OpenVPN encryption is available, however, it is worth noting that it is not implemented as strongly as it is with many competing VPNs on the market.
The mobile apps (iOS and Android)
If you are looking for a secure VPN for Android or iOS, the HMA clients are pretty good. The VPN has DNS leak protection built into its clients, and the Android mobile VPN app has a kill switch. Unfortunately the iOS app does not yet have the kill switch.
On Android, subscribers get OpenVPN encryption. On iOS users must settle for L2TP/IPsec. Having a large choice of servers is useful, and for those who aren't particularly paranoid about the minimal logging practices - this VPN is probably a good option ( for example it unblocks Netflix US and iPlayer).
If your primary reason for wanting a VPN for a mobile device is to protect your data on public WiFi - this VPN will do the job fine on either Android or iOS - and it will successfully stop hackers from being able to sniff your data.

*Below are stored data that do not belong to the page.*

(* Let $G=(V,E)$ be a connected graph, let $T$ be a spanning tree of $G$ rooted in $s$ which is an $\mathcal L$-tree of LexDFS on $G$, and let $\sigma$ be a vertex order of $G$ starting at $s$ whose $\mathcal L$-tree is $T$. Then Ordering$(G,T,s,\sigma^-)$ outputs $\sigma$ if and only if $\sigma$ is a LexDFS order of $G$.
   Context: Graphs are finite, simple, undirected; $N(v)$ is the neighborhood of $v$. A vertex order is a linear order $\sigma=(v_1,\dots,v_n)$ of $V$; $\sigma(i)=v_i$; $u\prec_\sigma v$ means $u$ appears before $v$; $\sigma^-$ is the reverse order. DFS: a search that starts at a vertex and repeatedly visits an unvisited neighbor of the most recently visited vertex that still has an unvisited neighbor. DFS$^+(\tau)$ on a graph $H$: the DFS of $H$ starting at the last vertex of $\tau$ that, whenever several vertices may be visited next, visits the one rightmost in $\tau$. LexDFS started at $s$: label $s$ with $(0)$, all others with the empty label; for $i=1,\dots,n$ pick an unnumbered vertex $v$ with lexicographically largest label, set $\sigma(i)=v$, prepend $i$ to the label of each unnumbered neighbor of $v$; a LexDFS order is any possible output. $\mathcal L$-tree of a vertex order $(v_1,\dots,v_n)$: the spanning tree rooted at $v_1$ with an edge from each $v_i$ ($i>1$) to its rightmost neighbor $v_j$ with $j<i$; a rooted spanning tree $T$ (root $s$) is an $\mathcal L$-tree of LexDFS on $G$ if some LexDFS order of $G$ starting at $s$ has $\mathcal L$-tree $T$. Refining an ordered partition $(Q_1,\dots,Q_k)$ of $V$ with $S'$ replaces each $Q_i$ by $(Q_i\cap S',Q_i\setminus S')$ whenever both are nonempty. Procedure Ordering$(G,T,s,\rho)$ (for $\rho$ ending with $s$): let $\beta$ be the reverse of a BFS order of $T$ starting at $s$; $\mathcal Q=(V)$; for $i=1,\dots,n$, with $v=\beta(i)$, refine $\mathcal Q$ with $\{w\in N(v): w\prec_\beta v\}$; order the vertices inside each class of $\mathcal Q$ according to $\rho^-$ and move $\{s\}$ to the leftmost position; let $\tau$ be the reverse of the resulting order of all vertices; output DFS$^+(\tau)$ on $T$. *)

From mathcomp Require Import all_boot.
Set Implicit Arguments. Unset Strict Implicit. Unset Printing Implicit Defensive.

Section Defs.
Variable V : finType.

Definition simple_graph (e : rel V) : Prop := symmetric e /\ irreflexive e.

Definition connected_graph (e : rel V) : Prop := forall x y : V, connect e x y.

Definition vertex_order (s : seq V) : bool := uniq s && all (mem s) (enum V).

Fixpoint lex_le (a b : seq nat) : bool :=
  match a, b with
  | [::], _ => true
  | _ :: _, [::] => false
  | x :: a', y :: b' => (x < y) || ((x == y) && lex_le a' b')
  end.

(* LexDFS label of w just before step i+1 (0-indexed: before the (i)-th
   vertex of sigma is numbered): the numbers j+1 of the already numbered
   neighbours sigma(j), most recent first, followed by the initial label
   (0) if w = s. *)
Definition lexdfs_label (e : rel V) (s : V) (sigma : seq V) (i : nat) (w : V)
  : seq nat :=
  rev [seq j.+1 | j <- iota 0 i & e (nth s sigma j) w]
  ++ (if w == s then [:: 0] else [::]).

Definition lexdfs_order (e : rel V) (s : V) (sigma : seq V) : Prop :=
  vertex_order sigma /\
  forall i, i < size sigma ->
    forall w, w \in drop i sigma ->
      lex_le (lexdfs_label e s sigma i w) (lexdfs_label e s sigma i (nth s sigma i)).

(* L-tree of a vertex order sigma: each non-first vertex is joined to its
   rightmost earlier neighbour. *)
Definition earlier_nbrs (e : rel V) (sigma : seq V) (v : V) : seq V :=
  [seq u <- take (index v sigma) sigma | e u v].

Definition lparent (e : rel V) (sigma : seq V) (v p : V) : bool :=
  (earlier_nbrs e sigma v != [::]) && (p == last p (earlier_nbrs e sigma v)).

Definition ltree_rel (e : rel V) (sigma : seq V) : rel V :=
  fun x y => lparent e sigma y x || lparent e sigma x y.

Definition ltree_of (e : rel V) (sigma : seq V) (t : rel V) : Prop :=
  (forall v, v \in behead sigma -> earlier_nbrs e sigma v != [::]) /\
  (forall x y, t x y = ltree_rel e sigma x y).

Definition is_lexdfs_ltree (e : rel V) (t : rel V) (s : V) : Prop :=
  exists tau, lexdfs_order e s tau /\ ltree_of e tau t.

(* beta is a BFS order of the graph h starting at s: each next vertex is a
   neighbour of the earliest visited vertex that still has an unvisited
   neighbour. *)
Definition bfs_order (h : rel V) (s : V) (beta : seq V) : Prop :=
  [/\ vertex_order beta, head s beta = s &
   forall i, 0 < i < size beta ->
     let vis := take i beta in
     let j := find (fun u => has (fun w => h u w && (w \notin vis)) (enum V)) vis in
     j < i /\ h (nth s beta j) (nth s beta i)].

(* pi = DFS^+(tau) on h: starts at the last vertex of tau; the next vertex is
   the rightmost (in tau) unvisited neighbour of the most recently visited
   vertex that still has an unvisited neighbour. *)
Definition dfs_plus (h : rel V) (tau pi : seq V) : Prop :=
  exists x0 : V,
  [/\ vertex_order pi, head x0 pi = last x0 tau &
   forall i, 0 < i < size pi ->
     let vis := take i pi in
     let unv := fun u w => h u w && (w \notin vis) in
     exists2 j, j < i &
       [/\ has (unv (nth x0 pi j)) (enum V),
           forall k, j < k < i -> ~~ has (unv (nth x0 pi k)) (enum V),
           unv (nth x0 pi j) (nth x0 pi i) &
           forall w, unv (nth x0 pi j) w -> index w tau <= index (nth x0 pi i) tau]].

Definition refine (Q : seq (seq V)) (S : pred V) : seq (seq V) :=
  flatten [seq if has S q && has (predC S) q then [:: filter S q; filter (predC S) q]
               else [:: q] | q <- Q].

(* the partition computed by Ordering, with beta the reverse of a BFS order
   of the tree *)
Definition ordering_partition (e : rel V) (beta : seq V) : seq (seq V) :=
  foldl (fun Q v => refine Q [pred w | e v w & index w beta < index v beta])
        [:: enum V] beta.

Definition ordering_tau (e : rel V) (s : V) (rho bfs : seq V) : seq V :=
  let beta := rev bfs in
  let Q := ordering_partition e beta in
  let ord_in := fun x y => index x (rev rho) <= index y (rev rho) in
  let L := flatten [seq sort ord_in q | q <- Q] in
  rev (s :: rem s L).

Definition ordering_outputs (e t : rel V) (s : V) (rho bfs pi : seq V) : Prop :=
  dfs_plus t (ordering_tau e s rho bfs) pi.

End Defs.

If you are looking for a VPN with a completely watertight logging policy, you may want to look elsewhere. Being based in the UK is not ideal, and because this VPN stores connection logs (timestamps and bandwidth used) next to an (albeit slightly anonymized) IP address - this VPN may not be suitable for everybody.
The good news, is that on Mac, Windows, and Android this VPN has a kill switch. It also has DNS leak protection built into all of its clients, and it does not suffer from any concerning leaks from our experience. The kill switch is reactive and it is not system level, which means that if the VPN crashes you will leak data to your ISP. However, the VPN did not crash during our tests, so it should perform fine.
Although HMA permits torrenting, it does ask users never to indulge in illegal downloading while using its service. Thus, if you are primarily looking for a VPN for torrenting we would recommend looking elsewhere.
So, why get HMA? HMA is a service that is not expensive, and if you specifically require a server in a more exotic/rare location (that isn’t covered by other VPN providers) this VPN is a good option. It is also true that this VPN can protect you on public WiFi without issues.
Assuming you aren't someone who requires extremely high levels of privacy, the level of service provided by HMA is likely to be more than enough. We are also happy to report that since the last time we tested the VPN, it no longer suffers from WebRTC leaks that must be manually plugged using an extension.
Speed test results were excellent, which means that this VPN is ideally suited for doing data-intensive tasks like streaming in HD or gaming. Also, don’t forget that this is one of the few VPNs that can unblock BBC iPlayer and Netflix US. A VPN that provides excellent value for money and that is suited to 99% of people’s needs.